Derek Sherinian - Inertia - 2001

intro
First CD of the most undervalued Dream Theater´s keyboardist. After Planet X project, Sherinian is surrounded in "Inertia" by big names of the music's history: Tony Franklin (The Firm, Whitesnake, Blue Murder) plays the bass along with Tom Kennedy and Jimmy Johnson; Steve Lukather (Toto) and the overvalued Zakk Wylde (Ozzy Osbourne) are the guitarists; Simón Phillips (Asia, Camel, Jon Anderson, Jeff Beck, Big Country, Brian Eno, Judas Priest, Mick Jagger, Mike Oldfield, The Corrs, Mr. Big, The Pretenders, MSG, Satriani, etc, etc, etc) plays the drums; and Jerry Goodman (Dixie Dreggs) plays the violin.
review
Nowadays it seems that every prog musician want to blend jazz rock, progressive, metal and all that one could fit inside a song, a la Liquid Tension Experiment, Bozzio-Levin-Stevens or all the Dream Theater´s members side projects. Fortunately this music is quite more difficult than the progressive metal or neoprog, so we can still continue delighting with the all the creators of the style without having to listen to an invasion of clono-bands.

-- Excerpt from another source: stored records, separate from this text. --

(* In the bandit exponential-weights setting described in the context, $$\Gamma_2:=(e-2)\eta\,\mathbb{E}\left[\sum_{t=1}^n\mathbb{E}_{a\sim q_t}\left[\langle\hat w_t,\Phi_m(a)\rangle^2\,\Big|\,\mathcal{F}_{t-1}\right]\right]\le\frac{(e-2)\mathcal{G}^4\eta mn}{1-\gamma}.$$
   Context: $\mathcal{A}\subset\mathbb{R}^d$ finite; $\mathcal{K}$ a kernel with feature map $\Phi$ and the adversary plays $w_t=\Phi(y_t)$ with $|\mathcal{K}(a,y_t)|\le\mathcal{G}^2$ for all $a\in\mathcal{A}$. $\Phi_m:\mathbb{R}^d\to\mathbb{R}^m$ is a feature map. In round $t$, $q_t$ is a distribution on $\mathcal{A}$ (measurable w.r.t. the past), $\gamma\in(0,1)$, $\nu$ a distribution on $\mathcal{A}$, $p_t=\gamma\nu+(1-\gamma)q_t$, the player draws $a_t\sim p_t$, $\Sigma_m^{(t)}=\mathbb{E}_{x\sim p_t}[\Phi_m(x)\Phi_m(x)^\top]$ is assumed invertible, and $\hat w_t=\mathcal{K}(a_t,y_t)(\Sigma_m^{(t)})^{-1}\Phi_m(a_t)$. $\eta>0$, and $\mathcal{F}_{t-1}$ is the sigma field generated by the history up to the end of round $t-1$ (and the adversary's choice $y_t$). *)

From HB Require Import structures.
From mathcomp Require Import all_boot all_order all_algebra.
From mathcomp Require Import reals.
From mathcomp Require Import sequences.
Set Implicit Arguments. Unset Strict Implicit. Unset Printing Implicit Defensive.
Import Order.TTheory GRing.Theory Num.Theory.
Local Open Scope ring_scope.

Section BanditDefs.
Variables (R : realType) (d m : nat).

Definition psd_kernel (K : 'rV[R]_d -> 'rV[R]_d -> R) : Prop :=
  (forall x y, K x y = K y x) /\
  (forall (k : nat) (x : 'I_k -> 'rV[R]_d) (c : 'I_k -> R),
      0 <= \sum_(i < k) \sum_(j < k) c i * c j * K (x i) (x j)).

(* probability distribution on the finite set A (given as a duplicate-free seq) *)
Definition is_distr (A : seq 'rV[R]_d) (p : 'rV[R]_d -> R) : Prop :=
  (forall a, a \in A -> 0 <= p a) /\ \sum_(a <- A) p a = 1.

Definition dotc (u v : 'cV[R]_m) : R := \sum_(i < m) u i 0 * v i 0.

Definition Sigma (A : seq 'rV[R]_d) (Phi : 'rV[R]_d -> 'cV[R]_m)
  (p : 'rV[R]_d -> R) : 'M[R]_m :=
  \sum_(a <- A) p a *: (Phi a *m (Phi a)^T).

(* histories: h = [:: a_1; ...; a_{t-1}] is the history at the start of round t.
   q t h : distribution q_t given history h, y t h : adversary choice y_t. *)
Definition pmix (gamma : R) (nu : 'rV[R]_d -> R)
  (q : nat -> seq 'rV[R]_d -> 'rV[R]_d -> R) (t : nat) (h : seq 'rV[R]_d)
  : 'rV[R]_d -> R :=
  fun a => gamma * nu a + (1 - gamma) * q t h a.

Definition what (A : seq 'rV[R]_d) (Phi : 'rV[R]_d -> 'cV[R]_m)
  (K : 'rV[R]_d -> 'rV[R]_d -> R) (gamma : R) (nu : 'rV[R]_d -> R)
  (q : nat -> seq 'rV[R]_d -> 'rV[R]_d -> R) (y : nat -> seq 'rV[R]_d -> 'rV[R]_d)
  (t : nat) (h : seq 'rV[R]_d) (at_ : 'rV[R]_d) : 'cV[R]_m :=
  K at_ (y t h) *: (invmx (Sigma A Phi (pmix gamma nu q t h)) *m Phi at_).

(* E[ E_{a ~ q_t}[ <hat w_t, Phi_m a>^2 ] | F_{t-1} ] as a function of the history h
   (the player's draw a_t ~ p_t is integrated out; y_t is determined by h) *)
Definition condterm (A : seq 'rV[R]_d) (Phi : 'rV[R]_d -> 'cV[R]_m)
  (K : 'rV[R]_d -> 'rV[R]_d -> R) (gamma : R) (nu : 'rV[R]_d -> R)
  (q : nat -> seq 'rV[R]_d -> 'rV[R]_d -> R) (y : nat -> seq 'rV[R]_d -> 'rV[R]_d)
  (t : nat) (h : seq 'rV[R]_d) : R :=
  \sum_(at_ <- A) pmix gamma nu q t h at_ *
    \sum_(a <- A) q t h a * (dotc (what A Phi K gamma nu q y t h at_) (Phi a)) ^+ 2.

(* expectation over the next k actions of the process started from history h,
   where the action of round (size h).+1 is drawn from p_{(size h).+1} *)
Fixpoint hexp (A : seq 'rV[R]_d) (gamma : R) (nu : 'rV[R]_d -> R)
  (q : nat -> seq 'rV[R]_d -> 'rV[R]_d -> R) (k : nat) (h : seq 'rV[R]_d)
  (F : seq 'rV[R]_d -> R) : R :=
  match k with
  | 0 => F h
  | k'.+1 => \sum_(a <- A) pmix gamma nu q (size h).+1 h a
               * hexp A gamma nu q k' (rcons h a) F
  end.

Definition Gamma2 (A : seq 'rV[R]_d) (Phi : 'rV[R]_d -> 'cV[R]_m)
  (K : 'rV[R]_d -> 'rV[R]_d -> R) (gamma eta : R) (nu : 'rV[R]_d -> R)
  (q : nat -> seq 'rV[R]_d -> 'rV[R]_d -> R) (y : nat -> seq 'rV[R]_d -> 'rV[R]_d)
  (n : nat) : R :=
  (expR 1 - 2) * eta *
    hexp A gamma nu q n [::]
      (fun h => \sum_(t < n) condterm A Phi K gamma nu q y t.+1 (take t h)).

End BanditDefs.

From HB Require Import structures.
From mathcomp Require Import all_boot all_order all_algebra.
From mathcomp Require Import reals sequences exp ring.
Import Order.TTheory GRing.Theory Num.Theory.
Local Open Scope ring_scope.

(* Each summand of Gamma_2 is bounded by pulling out |K(a_t, y_t)|^2 <= G^4
   and q_t <= p_t / (1 - gamma); what remains is
   E_{a_t ~ p_t} E_{a ~ p_t} <Sigma^-1 Phi a_t, Phi a>^2
     = E_{a_t ~ p_t} Phi a_t^T Sigma^-1 Phi a_t = tr (Sigma^-1 Sigma) = m,
   so every round contributes at most G^4 m / (1 - gamma). *)

Section Bandit.
Variables (R : realType) (d m : nat).
Implicit Types (A : seq 'rV[R]_d) (Phi : 'rV[R]_d -> 'cV[R]_m)
  (p nu : 'rV[R]_d -> R).

Lemma dotcE (u v : 'cV[R]_m) : dotc u v = (u^T *m v) 0 0.
Proof. by rewrite /dotc mxE; apply: eq_bigr => i _; rewrite mxE. Qed.

Lemma dotcZl (k : R) (u v : 'cV[R]_m) : dotc (k *: u) v = k * dotc u v.
Proof. by rewrite /dotc mulr_sumr; apply: eq_bigr => i _; rewrite mxE mulrA. Qed.

Lemma trmx_Sigma A Phi p : (Sigma A Phi p)^T = Sigma A Phi p.
Proof.
rewrite /Sigma raddf_sum; apply: eq_bigr => a _ /=.
by rewrite linearZ /= trmx_mul trmxK.
Qed.

Lemma sum_dotc_sqr_Sigma A Phi p (v : 'cV[R]_m) :
  \sum_(a <- A) p a * dotc v (Phi a) ^+ 2 = (v^T *m Sigma A Phi p *m v) 0 0.
Proof.
rewrite /Sigma mulmx_sumr mulmx_suml summxE; apply: eq_bigr => a _.
rewrite -scalemxAr -scalemxAl mxE; congr (_ * _).
rewrite expr2 {2}/dotc (eq_bigr _ (fun i _ => mulrC _ _)) -/(dotc (Phi a) v).
by rewrite !dotcE -[in RHS]mulmxA -(mulmxA (Phi a)) mulmxA [RHS]mxE big_ord1.
Qed.

Lemma sum_quad_invmx_Sigma A Phi p : Sigma A Phi p \in unitmx ->
  \sum_(b <- A) p b * ((Phi b)^T *m invmx (Sigma A Phi p) *m Phi b) 0 0 = m%:R.
Proof.
move=> uS; set S := invmx _.
have quad_tr b : ((Phi b)^T *m S *m Phi b) 0 0 = \tr (S *m (Phi b *m (Phi b)^T)).
  by rewrite mulmxA mxtrace_mulC mulmxA /mxtrace big_ord1.
under eq_bigr => b _ do rewrite quad_tr -mxtraceZ scalemxAr.
by rewrite -raddf_sum -mulmx_sumr -/(Sigma A Phi p) /= mulVmx // mxtrace1.
Qed.

Lemma sum_dotc_sqr_invmx_Sigma A Phi p : Sigma A Phi p \in unitmx ->
  \sum_(b <- A) p b *
     \sum_(a <- A) p a * dotc (invmx (Sigma A Phi p) *m Phi b) (Phi a) ^+ 2
  = m%:R.
Proof.
move=> uS; rewrite -[RHS](sum_quad_invmx_Sigma _ _ _ uS); apply: eq_bigr => b _.
rewrite sum_dotc_sqr_Sigma trmx_mul trmx_inv trmx_Sigma.
by rewrite !mulmxA -(mulmxA _ _ (Sigma _ _ _)) mulVmx // mulmx1.
Qed.

Lemma pmix_distr A (gamma : R) nu q t h : 0 <= gamma <= 1 ->
  is_distr A nu -> is_distr A (q t h) -> is_distr A (pmix gamma nu q t h).
Proof.
move=> /andP[g0 g1] [nu0 nu1] [q0 q1]; split=> [a aA|].
  by rewrite /pmix addr_ge0 // mulr_ge0 ?nu0 ?q0 // subr_ge0.
by rewrite /pmix big_split /= -!mulr_sumr nu1 q1 !mulr1 addrC subrK.
Qed.

Lemma le_pmix (gamma : R) nu q t h a : 0 <= gamma < 1 -> 0 <= nu a ->
  q t h a <= pmix gamma nu q t h a / (1 - gamma).
Proof.
move=> /andP[g0 g1] nu0; rewrite ler_pdivlMr ?subr_gt0 // /pmix mulrC lerDr.
exact: mulr_ge0.
Qed.

Lemma condterm_le A Phi K (G gamma : R) nu q y t h :
  0 < gamma < 1 -> is_distr A nu -> is_distr A (q t h) ->
  (forall a, a \in A -> `|K a (y t h)| <= G ^+ 2) ->
  Sigma A Phi (pmix gamma nu q t h) \in unitmx ->
  condterm A Phi K gamma nu q y t h <= G ^+ 4 / (1 - gamma) * m%:R.
Proof.
move=> /andP[g0 g1] nuD qD KG uS.
set p := pmix gamma nu q t h; set c := G ^+ 4 / (1 - gamma).
have [p0 _] : is_distr A p by apply: pmix_distr; rewrite ?(ltW g0) ?(ltW g1).
have [q0 _] := qD; have [nu0 _] := nuD.
have c0 : 0 <= c by rewrite divr_ge0 ?exprn_even_ge0 // subr_ge0 ltW.
rewrite -(sum_dotc_sqr_invmx_Sigma _ _ _ uS) mulr_sumr /condterm -/p.
rewrite big_seq [leRHS]big_seq; apply: ler_sum => b bA.
rewrite mulrCA ler_wpM2l ?p0 // mulr_sumr.
rewrite big_seq [leRHS]big_seq; apply: ler_sum => a aA.
rewrite /what -/p dotcZl exprMn mulrA [leRHS]mulrA ler_wpM2r ?sqr_ge0 //.
have K2G : K b (y t h) ^+ 2 <= G ^+ 4.
  by rewrite -real_normK ?num_real // (_ : 4 = 2 * 2)%N // exprM lerXn2r
    ?nnegrE ?KG // (le_trans _ (KG b bA)).
rewrite (_ : c * p a = p a / (1 - gamma) * G ^+ 4); last by rewrite /c; ring.
by rewrite ler_pM ?q0 ?sqr_ge0 // le_pmix ?nu0 ?(ltW g0).
Qed.

Lemma hexp_le_const A (gamma : R) nu q n (c : R) (F : seq 'rV[R]_d -> R) :
  (forall h, (size h < n)%N -> all (mem A) h ->
     is_distr A (pmix gamma nu q (size h).+1 h)) ->
  forall k h, (size h + k <= n)%N -> all (mem A) h ->
  (forall h', size h' = (size h + k)%N -> all (mem A) h' -> F h' <= c) ->
  hexp A gamma nu q k h F <= c.
Proof.
move=> pD; elim=> [|k IHk] h hk hA Fc /=; first by rewrite Fc ?addn0.
have hn : (size h < n)%N by rewrite (leq_trans _ hk) // addnS ltnS leq_addr.
have [p0 p1] := pD h hn hA.
rewrite -[c]mul1r -p1 mulr_suml big_seq [leRHS]big_seq.
apply: ler_sum => a aA; rewrite ler_wpM2l ?p0 //.
apply: IHk.
- by rewrite size_rcons addSnnS.
- by rewrite all_rcons hA andbT.
- by move=> h' sh' h'A; apply: Fc; rewrite // sh' size_rcons addSnnS.
Qed.

End Bandit.

Theorem lemma5 (R : realType) (d m n : nat)
  (A : seq 'rV[R]_d) (K : 'rV[R]_d -> 'rV[R]_d -> R) (G : R)
  (Phi : 'rV[R]_d -> 'cV[R]_m) (gamma eta : R) (nu : 'rV[R]_d -> R)
  (q : nat -> seq 'rV[R]_d -> 'rV[R]_d -> R)
  (y : nat -> seq 'rV[R]_d -> 'rV[R]_d) :
  uniq A ->
  psd_kernel K ->
  0 < gamma < 1 ->
  0 < eta ->
  is_distr A nu ->
  (forall t h, (0 < t <= n)%N -> size h = t.-1 -> all (fun x => x \in A) h ->
     [/\ is_distr A (q t h),
         (forall a, a \in A -> `|K a (y t h)| <= G ^+ 2) &
         Sigma A Phi (pmix gamma nu q t h) \in unitmx]) ->
  Gamma2 A Phi K gamma eta nu q y n
    <= (expR 1 - 2) * G ^+ 4 * eta * m%:R * n%:R / (1 - gamma).
Proof.
move=> _ _ g01 eta0 nuD round.
set c := G ^+ 4 / (1 - gamma) * m%:R.
have e2 : 0 <= expR 1 - 2 :> R by rewrite subr_ge0 (le_trans _ (expR_ge1Dx 1)).
have sum_le : hexp A gamma nu q n [::]
    (fun h => \sum_(t < n) condterm A Phi K gamma nu q y t.+1 (take t h))
  <= c *+ n.
  apply: (@hexp_le_const _ _ A gamma nu q n) => // [h hn hA|h hn hA].
    have [qD _ _] := round (size h).+1 h hn (erefl _) hA.
    by case/andP: g01 => g0 g1; apply: pmix_distr; rewrite ?(ltW g0) ?(ltW g1).
  rewrite -[in c *+ n](card_ord n) -sumr_const; apply: ler_sum => t _.
  have st : size (take t h) = t by rewrite size_take hn ltn_ord.
  have tA : all (mem A) (take t h) by apply/allP => x /mem_take /(allP hA).
  have [qD KG uS] := round t.+1 _ (ltn_ord t) st tA.
  exact: condterm_le.
have coef0 : 0 <= (expR 1 - 2) * eta by rewrite mulr_ge0 // ltW.
apply: le_trans (ler_wpM2l coef0 sum_le) _.
by rewrite /c -mulr_natr le_eqVlt; apply/orP; left; apply/eqP; ring.
Qed.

These words advance that this CD is worthwhile.The tracks (instrumental, of course), fluctuate among the energetic and tense moments of "Inertia" (4:20), "Frankestein" (3:31), "Evel Knievel" (3:17); the demonstrations of technique of "Mata-Hari" (6:21), "Astroglide" (4:35), and the wonderful "Rhapsody in black" (6:40), with great work of guitars and keyboards in the intro (1:41) and a quasi-film development; and the instrumental frivolities of the musicians like the hard-jazzy "La pera loca" (5:06), - impressive Sherinian and Phillips- ; or the Jeff Beck´s psycho-blues "Goodbye porkpie hat" (6:23). The most curious track is "What to shame" (5:01), a beautiful composition in crescendo and the only one in which Lukather and Wylde share protagonism. It is obvious to say who win this battle. After 10 years, I can´t explain myself the reputation of Zakk. Of course Steve smashes Mr. Wylde without a blink.
conclusion
Adding good musicians' names in a project doesn't necessarily imply quality, but this is not the situation. With a spectacular production of Phillips and Sherinian, great musicians, and some amazing tracks without cheap exhibitionism, Sherinian has made a good and highly recommended CD.